Но через некоторое время я уловил одну штуку, что каждый раз, когда я подхожу к этой двери, мне неспокойно, она у меня вызывает тревогу. Вот эта вот защита вызывает тревогу, потому что она мне напоминает, от чего я защищаюсь. Когда я входил в обычную дверь, я входил в привычную квартиру родителей, нормально, хорошо, все замечательно. А сейчас, когда я вижу перед собой этот кусок танка, вмонтированный в дверной проем, я начинаю ждать нападения.

Вот одно из свойств возникающей тревоги, избыточной тревоги, по существу по своему хорошая реакция, нужная реакция, но избыточная, не очень попадающая в мою жизнь, потому что она возникает не почему-то, не по законам причина-следствие, она возникает по ассоциации, по аналогии. Вид, запах, случайно сказанное слово, они могут вызывать в памяти состояние, которое я переживал, с которым ассоциируется ситуация, в которой я сегодня живу, и вызывать у меня тревогу.

Теперь что с ней делать, с тревогой. Знаете, в вопросе «Что с ней делать?» всегда звучит желание ее отбросить, заткнуть ее, ампутировать, ликвидировать, вылечиться от нее, что, наверное, уместно, если речь идет о таких проявлениях тревоги психиатрических. Но мы сегодня не о них говорим, у нас сегодня не курс самообразования, как поставить самому себе диагноз, мы говорим о наших каждодневных реакциях.

Вот посмотреть на нее, мы пытаемся ее оттолкнуть, а мне кажется, что к ней имеет смысл повернуться, послушать ее, посмотреть, вот то, с чего я начал, как она себя проявляет. Что я чувствую, какие у меня мысли возникают, как сердечко бьется, как дышится, что в голове промелькнуло, что вдруг увиделось, что вспомнилось.

Тревога — это очень сложное переживание, и повернувшись к ней, я могу многое в ней увидеть, в том числе, ее связи с моим прошлым опытом. И дальше события начинают внутри меня разворачиваться как-то сами собой, и я их почти не контролирую, но тревога перестает быть такой тяжелой.

Задача, в конечном итоге, и по отношению к тревоге, и по отношению к страху, не в том, чтобы от них избавиться, а в том, чтобы с ними продуктивно совладать. Это очень мощные охранительные реакции, так устроен наш организм, мы радости можем не замечать, ну радостно и нормально, правда, а может быть еще радостнее. Ну вот мне, не знаю, подарили букет из тридцати роз, а могли подарить сто, ну был бы еще красивее.

Но эти реакции радости, позитивные реакции, они украшают жизнь, а тревога и страх, они сохраняют жизнь, вот их смысл.
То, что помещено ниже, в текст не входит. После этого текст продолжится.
(* Let $\phi:[0,\infty)\to\mathbb{R}$ be such that $x\mapsto\phi(\|x\|)$ is $C^\infty$ on $\mathbb{R}^d$, $\phi(0)>0$, $\phi(u)\to0$ as $u\to\infty$, and $\phi,\phi',\phi''$ are integrable on $[0,\infty)$. Fix $\eta_d,\eta_g>0$. Then there is $\lambda_0>0$ such that for every $\lambda\in(0,\lambda_0)$ there exists $v_0>0$ with $$v_0=-\eta_g\eta_d\sum_{j=0}^\infty\rho^j\phi'(jv_0),\qquad\rho=1-\eta_d\lambda.$$ *)

From HB Require Import structures.
From mathcomp Require Import all_boot all_order all_algebra.
From mathcomp Require Import all_classical all_reals all_analysis.
Set Implicit Arguments. Unset Strict Implicit. Unset Printing Implicit Defensive.
Import Order.TTheory GRing.Theory Num.Theory.
Import numFieldNormedType.Exports.
Local Open Scope classical_set_scope.
Local Open Scope ring_scope.

Section Defs.
Variable R : realType.

Definition enorm (d : nat) (x : 'rV[R]_d) : R :=
  Num.sqrt (\sum_(i < d) x ord0 i ^+ 2).

Definition ebasis (d : nat) (i : 'I_d) : 'rV[R]_d := delta_mx ord0 i.

Fixpoint iter_partial (d : nat) (s : seq 'I_d) (f : 'rV[R]_d -> R) : 'rV[R]_d -> R :=
  match s with
  | [::] => f
  | i :: s' => fun x => derive (iter_partial s' f) x (ebasis i)
  end.

Definition smooth_Rd (d : nat) (f : 'rV[R]_d -> R) : Prop :=
  forall s : seq 'I_d,
    continuous (iter_partial s f) /\
    (forall (i : 'I_d) (x : 'rV[R]_d), derivable (iter_partial s f) x (ebasis i)).

Definition is_deriv_Ici (f df : R -> R) : Prop :=
  (forall u : R, 0 < u -> is_derive u (1 : R) f (df u)) /\
  ((fun h : R => (f h - f 0) / h) @ 0^'+ --> df 0).

End Defs.

From HB Require Import structures.
From mathcomp Require Import all_boot all_order all_algebra.
From mathcomp Require Import all_classical all_reals all_analysis.
From mathcomp Require Import ring lra.
Import Order.TTheory GRing.Theory Num.Theory.
Import numFieldNormedType.Exports.
Local Open Scope classical_set_scope.
Local Open Scope ring_scope.

Set Implicit Arguments. Unset Strict Implicit. Unset Printing Implicit Defensive.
Они для сохранения жизни, они меня о чем-то предупреждают. Просто тревога, она вынесена в будущее, она адресована неопределенности, а страх существует сегодня по отношению к конкретным вещам.

И здесь очень интересны вещи, которые для меня связаны с одной из работ покойного Юрия Михайловича Лотмана, он, обращаясь к Средневековью, говорил о страхах и тревогах в Средние века. Вот Ренессанс, такой блеск, вот радоваться должны, а на самом деле там возникали просто эпидемии страха и тревоги.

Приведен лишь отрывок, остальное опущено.